Segment Open
(* Let $N\ge1$ and let $\gamma=\frac{B}{\sum_{j=1}^N C_j}$, where $B,C_1,\dots,C_N$ are mutually independent, $B$ is $\kappa$-$\mu$ shadowed with parameters $(\kappa,\mu,m,\bar x)$ and $C_j$ is $\kappa$-$\mu$ shadowed with parameters $(\kappa_j,\mu_j,m_j,\bar x_j)$. Let $f_\gamma$ and $F_\gamma$ be the density and CDF of $\gamma$. Then $$\lim_{z\to 0^+}\frac{z\,f_\gamma(z)}{F_\gamma(z)}=\mu .$$ Equivalently, the CDF of $\hat\gamma=-\gamma$ belongs to the maximum domain of attraction of the reversed Weibull distribution $\Lambda_2(z)=\exp(-(-z)^{\mu})$ for $z\le0$ (and $1$ for $z>0$).
   Context: A random variable $X$ is $\kappa$-$\mu$ shadowed with parameters $(\kappa,\mu,m,\bar x)$ (with $\kappa\ge 0$, $\mu>0$, $m>0$, $\bar x=\mathbb E[X]>0$) if it has density $$f_X(x)=\frac{x^{\mu-1}}{\theta^{\mu-m}\lambda^{m}\Gamma(\mu)}e^{-x/\theta}\,{}_1F_1\!\left(m;\mu;\frac{x}{\theta}-\frac{x}{\lambda}\right),\quad x\ge0,$$ where ${}_1F_1$ is the confluent hypergeometric function, $\theta=\frac{\bar x}{\mu(1+\kappa)}$ and $\lambda=\frac{(\mu\kappa+m)\bar x}{\mu(1+\kappa)m}$. A CDF $F$ is in the maximum domain of attraction of a distribution $G$ if for i.i.d. samples with CDF $F$ there are constants $a_K>0$, $b_K\in\mathbb R$ with $a_K^{-1}(\max_{k\le K}z_k-b_K)$ converging in distribution to $G$. *)

From Stdlib Require Import Reals Lra ClassicalEpsilon.
Open Scope R_scope.

Fixpoint poch (a : R) (n : nat) : R :=
  match n with O => 1 | S k => poch a k * (a + INR k) end.

Definition hyp1F1_term (a b x : R) (n : nat) : R :=
  poch a n / poch b n * x ^ n / INR (Factorial.fact n).

Definition hyp1F1 (a b x : R) : R :=
  epsilon (inhabits 0) (fun l => infinite_sum (hyp1F1_term a b x) l).

(* integral of f over (0, +oo), improper at both ends *)
Definition imp_int_0inf_is (f : R -> R) (l : R) : Prop :=
  forall eps, 0 < eps -> exists d, 0 < d /\ exists M, 0 < M /\
    forall u v, 0 < u < d -> M < v -> u < v ->
      exists pr : Riemann_integrable f u v, Rabs (RiemannInt pr - l) < eps.

Definition imp_int_0inf (f : R -> R) : R :=
  epsilon (inhabits 0) (imp_int_0inf_is f).

(* integral of f over the open interval (a, b), improper at both ends *)
Definition imp_int_ab_is (f : R -> R) (a b l : R) : Prop :=
  forall eps, 0 < eps -> exists d, 0 < d /\
    forall u v, a < u < a + d -> b - d < v < b -> u < v ->
      exists pr : Riemann_integrable f u v, Rabs (RiemannInt pr - l) < eps.

Definition imp_int_ab (f : R -> R) (a b : R) : R :=
  epsilon (inhabits 0) (imp_int_ab_is f a b).

Definition Gamma_fn (mu : R) : R :=
  imp_int_0inf (fun t => Rpower t (mu - 1) * exp (- t)).

Definition ksm_theta (k mu xb : R) : R := xb / (mu * (1 + k)).
Definition ksm_lambda (k mu m xb : R) : R :=
  (mu * k + m) * xb / (mu * (1 + k) * m).

Definition ksm_pdf (k mu m xb : R) (x : R) : R :=
  let th := ksm_theta k mu xb in
  let la := ksm_lambda k mu m xb in
  if Rle_dec 0 x then
    (if Rlt_dec 0 x then
       Rpower x (mu - 1) / (Rpower th (mu - m) * Rpower la m * Gamma_fn mu)
       * exp (- x / th) * hyp1F1 m mu (x / th - x / la)
     else 0 (* value at the single point 0 is immaterial *))
  else 0.

Definition conv (f g : R -> R) (s : R) : R :=
  if Rlt_dec 0 s then imp_int_ab (fun t => f t * g (s - t)) 0 s else 0.

(* density of C_0 + C_1 + ... + C_n, with C_j independent of density p j *)
Fixpoint sum_pdf (p : nat -> R -> R) (n : nat) : R -> R :=
  match n with
  | O => p O
  | S n' => conv (p (S n')) (sum_pdf p n')
  end.

(* density of B / S, B and S independent nonnegative with densities fB, fS *)
Definition ratio_pdf (fB fS : R -> R) (z : R) : R :=
  if Rlt_dec 0 z then imp_int_0inf (fun s => s * fB (z * s) * fS s) else 0.

(* CDF at z > 0 of a r.v. supported on [0,oo) with density f *)
Definition cdf_pos (f : R -> R) (z : R) : R := imp_int_ab f 0 z.

From Stdlib Require Import Reals Lra Lia ClassicalEpsilon.
From Coquelicot Require Import Coquelicot.
Open Scope R_scope.

(* Write the kappa-mu shadowed density as [x^(mu-1) h(x)], where [h] is continuous and positive
   on [0, oo) and decays exponentially, because [1F1(m; mu; y)] grows more slowly than any
   [e^(rho y)] with [rho > 1]. The density [f_S] of the sum is continuous, positive somewhere and
   bounded by [A s^(a-1) e^(-be s)]; this class is closed under convolution, the convolution
   integrals being controlled by incomplete beta integrals. Then
   [f_gamma(z) = int_0^oo s f_B(z s) f_S(s) ds = z^(mu-1) J(z)] with
   [J(z) = int_0^oo s^mu h(z s) f_S(s) ds], and dominated convergence makes [J] continuous on
   [0, oo) with [J(0) > 0]. Hence [F_gamma(z) = (J(0) + o(1)) z^mu / mu] and
   [z f_gamma(z) = (J(0) + o(1)) z^mu] as [z -> 0+], so their ratio tends to [mu]. *)

(* Specialisations to [R -> R] of Coquelicot lemmas whose structure arguments are not inferred. *)
Lemma continuous_Rmult (f g : R -> R) x :
  continuous f x -> continuous g x -> continuous (fun y => f y * g y) x.
Proof. exact (continuous_mult (K:=R_AbsRing) f g x). Qed.

Lemma ex_RInt_continuous_R (f : R -> R) u v : u <= v ->
  (forall z, u <= z <= v -> continuous f z) -> ex_RInt f u v.
Proof.
  intros Huv H. apply (ex_RInt_continuous (V:=R_CompleteNormedModule)).
  intros z Hz. rewrite Rmin_left, Rmax_right in Hz by lra. auto.
Qed.

Lemma RInt_Chasles_R (f : R -> R) x y z : ex_RInt f x y -> ex_RInt f y z ->
  RInt f x y + RInt f y z = RInt f x z.
Proof. exact (RInt_Chasles f x y z). Qed.

Lemma RInt_scal_R (f : R -> R) k x y : ex_RInt f x y ->
  RInt (fun t => k * f t) x y = k * RInt f x y.
Proof. exact (RInt_scal f x y k). Qed.

Lemma continuous_Rlin (p q x : R) : continuous (fun y => p * y + q) x.
Proof. apply (ex_derive_continuous (K:=R_AbsRing) (V:=R_NormedModule)). auto_derive; auto. Qed.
Segment Closed
Give back the data above exactly as it appears.

WRITTEN RESPONSE:
(* Let $N\ge1$ and let $\gamma=\frac{B}{\sum_{j=1}^N C_j}$, where $B,C_1,\dots,C_N$ are mutually independent, $B$ is $\kappa$-$\mu$ shadowed with parameters $(\kappa,\mu,m,\bar x)$ and $C_j$ is $\kappa$-$\mu$ shadowed with parameters $(\kappa_j,\mu_j,m_j,\bar x_j)$. Let $f_\gamma$ and $F_\gamma$ be the density and CDF of $\gamma$. Then $$\lim_{z\to 0^+}\frac{z\,f_\gamma(z)}{F_\gamma(z)}=\mu .$$ Equivalently, the CDF of $\hat\gamma=-\gamma$ belongs to the maximum domain of attraction of the reversed Weibull distribution $\Lambda_2(z)=\exp(-(-z)^{\mu})$ for $z\le0$ (and $1$ for $z>0$).
   Context: A random variable $X$ is $\kappa$-$\mu$ shadowed with parameters $(\kappa,\mu,m,\bar x)$ (with $\kappa\ge 0$, $\mu>0$, $m>0$, $\bar x=\mathbb E[X]>0$) if it has density $$f_X(x)=\frac{x^{\mu-1}}{\theta^{\mu-m}\lambda^{m}\Gamma(\mu)}e^{-x/\theta}\,{}_1F_1\!\left(m;\mu;\frac{x}{\theta}-\frac{x}{\lambda}\right),\quad x\ge0,$$ where ${}_1F_1$ is the confluent hypergeometric function, $\theta=\frac{\bar x}{\mu(1+\kappa)}$ and $\lambda=\frac{(\mu\kappa+m)\bar x}{\mu(1+\kappa)m}$. A CDF $F$ is in the maximum domain of attraction of a distribution $G$ if for i.i.d. samples with CDF $F$ there are constants $a_K>0$, $b_K\in\mathbb R$ with $a_K^{-1}(\max_{k\le K}z_k-b_K)$ converging in distribution to $G$. *)

From Stdlib Require Import Reals Lra ClassicalEpsilon.
Open Scope R_scope.

Fixpoint poch (a : R) (n : nat) : R :=
  match n with O => 1 | S k => poch a k * (a + INR k) end.

Definition hyp1F1_term (a b x : R) (n : nat) : R :=
  poch a n / poch b n * x ^ n / INR (Factorial.fact n).

Definition hyp1F1 (a b x : R) : R :=
  epsilon (inhabits 0) (fun l => infinite_sum (hyp1F1_term a b x) l).

(* integral of f over (0, +oo), improper at both ends *)
Definition imp_int_0inf_is (f : R -> R) (l : R) : Prop :=
  forall eps, 0 < eps -> exists d, 0 < d /\ exists M, 0 < M /\
    forall u v, 0 < u < d -> M < v -> u < v ->
      exists pr : Riemann_integrable f u v, Rabs (RiemannInt pr - l) < eps.

Definition imp_int_0inf (f : R -> R) : R :=
  epsilon (inhabits 0) (imp_int_0inf_is f).

(* integral of f over the open interval (a, b), improper at both ends *)
Definition imp_int_ab_is (f : R -> R) (a b l : R) : Prop :=
  forall eps, 0 < eps -> exists d, 0 < d /\
    forall u v, a < u < a + d -> b - d < v < b -> u < v ->
      exists pr : Riemann_integrable f u v, Rabs (RiemannInt pr - l) < eps.

Definition imp_int_ab (f : R -> R) (a b : R) : R :=
  epsilon (inhabits 0) (imp_int_ab_is f a b).

Definition Gamma_fn (mu : R) : R :=
  imp_int_0inf (fun t => Rpower t (mu - 1) * exp (- t)).

Definition ksm_theta (k mu xb : R) : R := xb / (mu * (1 + k)).
Definition ksm_lambda (k mu m xb : R) : R :=
  (mu * k + m) * xb / (mu * (1 + k) * m).

Definition ksm_pdf (k mu m xb : R) (x : R) : R :=
  let th := ksm_theta k mu xb in
  let la := ksm_lambda k mu m xb in
  if Rle_dec 0 x then
    (if Rlt_dec 0 x then
       Rpower x (mu - 1) / (Rpower th (mu - m) * Rpower la m * Gamma_fn mu)
       * exp (- x / th) * hyp1F1 m mu (x / th - x / la)
     else 0 (* value at the single point 0 is immaterial *))
  else 0.

Definition conv (f g : R -> R) (s : R) : R :=
  if Rlt_dec 0 s then imp_int_ab (fun t => f t * g (s - t)) 0 s else 0.

(* density of C_0 + C_1 + ... + C_n, with C_j independent of density p j *)
Fixpoint sum_pdf (p : nat -> R -> R) (n : nat) : R -> R :=
  match n with
  | O => p O
  | S n' => conv (p (S n')) (sum_pdf p n')
  end.

(* density of B / S, B and S independent nonnegative with densities fB, fS *)
Definition ratio_pdf (fB fS : R -> R) (z : R) : R :=
  if Rlt_dec 0 z then imp_int_0inf (fun s => s * fB (z * s) * fS s) else 0.

(* CDF at z > 0 of a r.v. supported on [0,oo) with density f *)
Definition cdf_pos (f : R -> R) (z : R) : R := imp_int_ab f 0 z.

From Stdlib Require Import Reals Lra Lia ClassicalEpsilon.
From Coquelicot Require Import Coquelicot.
Open Scope R_scope.

(* Write the kappa-mu shadowed density as [x^(mu-1) h(x)], where [h] is continuous and positive
   on [0, oo) and decays exponentially, because [1F1(m; mu; y)] grows more slowly than any
   [e^(rho y)] with [rho > 1]. The density [f_S] of the sum is continuous, positive somewhere and
   bounded by [A s^(a-1) e^(-be s)]; this class is closed under convolution, the convolution
   integrals being controlled by incomplete beta integrals. Then
   [f_gamma(z) = int_0^oo s f_B(z s) f_S(s) ds = z^(mu-1) J(z)] with
   [J(z) = int_0^oo s^mu h(z s) f_S(s) ds], and dominated convergence makes [J] continuous on
   [0, oo) with [J(0) > 0]. Hence [F_gamma(z) = (J(0) + o(1)) z^mu / mu] and
   [z f_gamma(z) = (J(0) + o(1)) z^mu] as [z -> 0+], so their ratio tends to [mu]. *)

(* Specialisations to [R -> R] of Coquelicot lemmas whose structure arguments are not inferred. *)
Lemma continuous_Rmult (f g : R -> R) x :
  continuous f x -> continuous g x -> continuous (fun y => f y * g y) x.
Proof. exact (continuous_mult (K:=R_AbsRing) f g x). Qed.

Lemma ex_RInt_continuous_R (f : R -> R) u v : u <= v ->
  (forall z, u <= z <= v -> continuous f z) -> ex_RInt f u v.
Proof.
  intros Huv H. apply (ex_RInt_continuous (V:=R_CompleteNormedModule)).
  intros z Hz. rewrite Rmin_left, Rmax_right in Hz by lra. auto.
Qed.

Lemma RInt_Chasles_R (f : R -> R) x y z : ex_RInt f x y -> ex_RInt f y z ->
  RInt f x y + RInt f y z = RInt f x z.
Proof. exact (RInt_Chasles f x y z). Qed.

Lemma RInt_scal_R (f : R -> R) k x y : ex_RInt f x y ->
  RInt (fun t => k * f t) x y = k * RInt f x y.
Proof. exact (RInt_scal f x y k). Qed.

Lemma continuous_Rlin (p q x : R) : continuous (fun y => p * y + q) x.
Proof. apply (ex_derive_continuous (K:=R_AbsRing) (V:=R_NormedModule)). auto_derive; auto. Qed.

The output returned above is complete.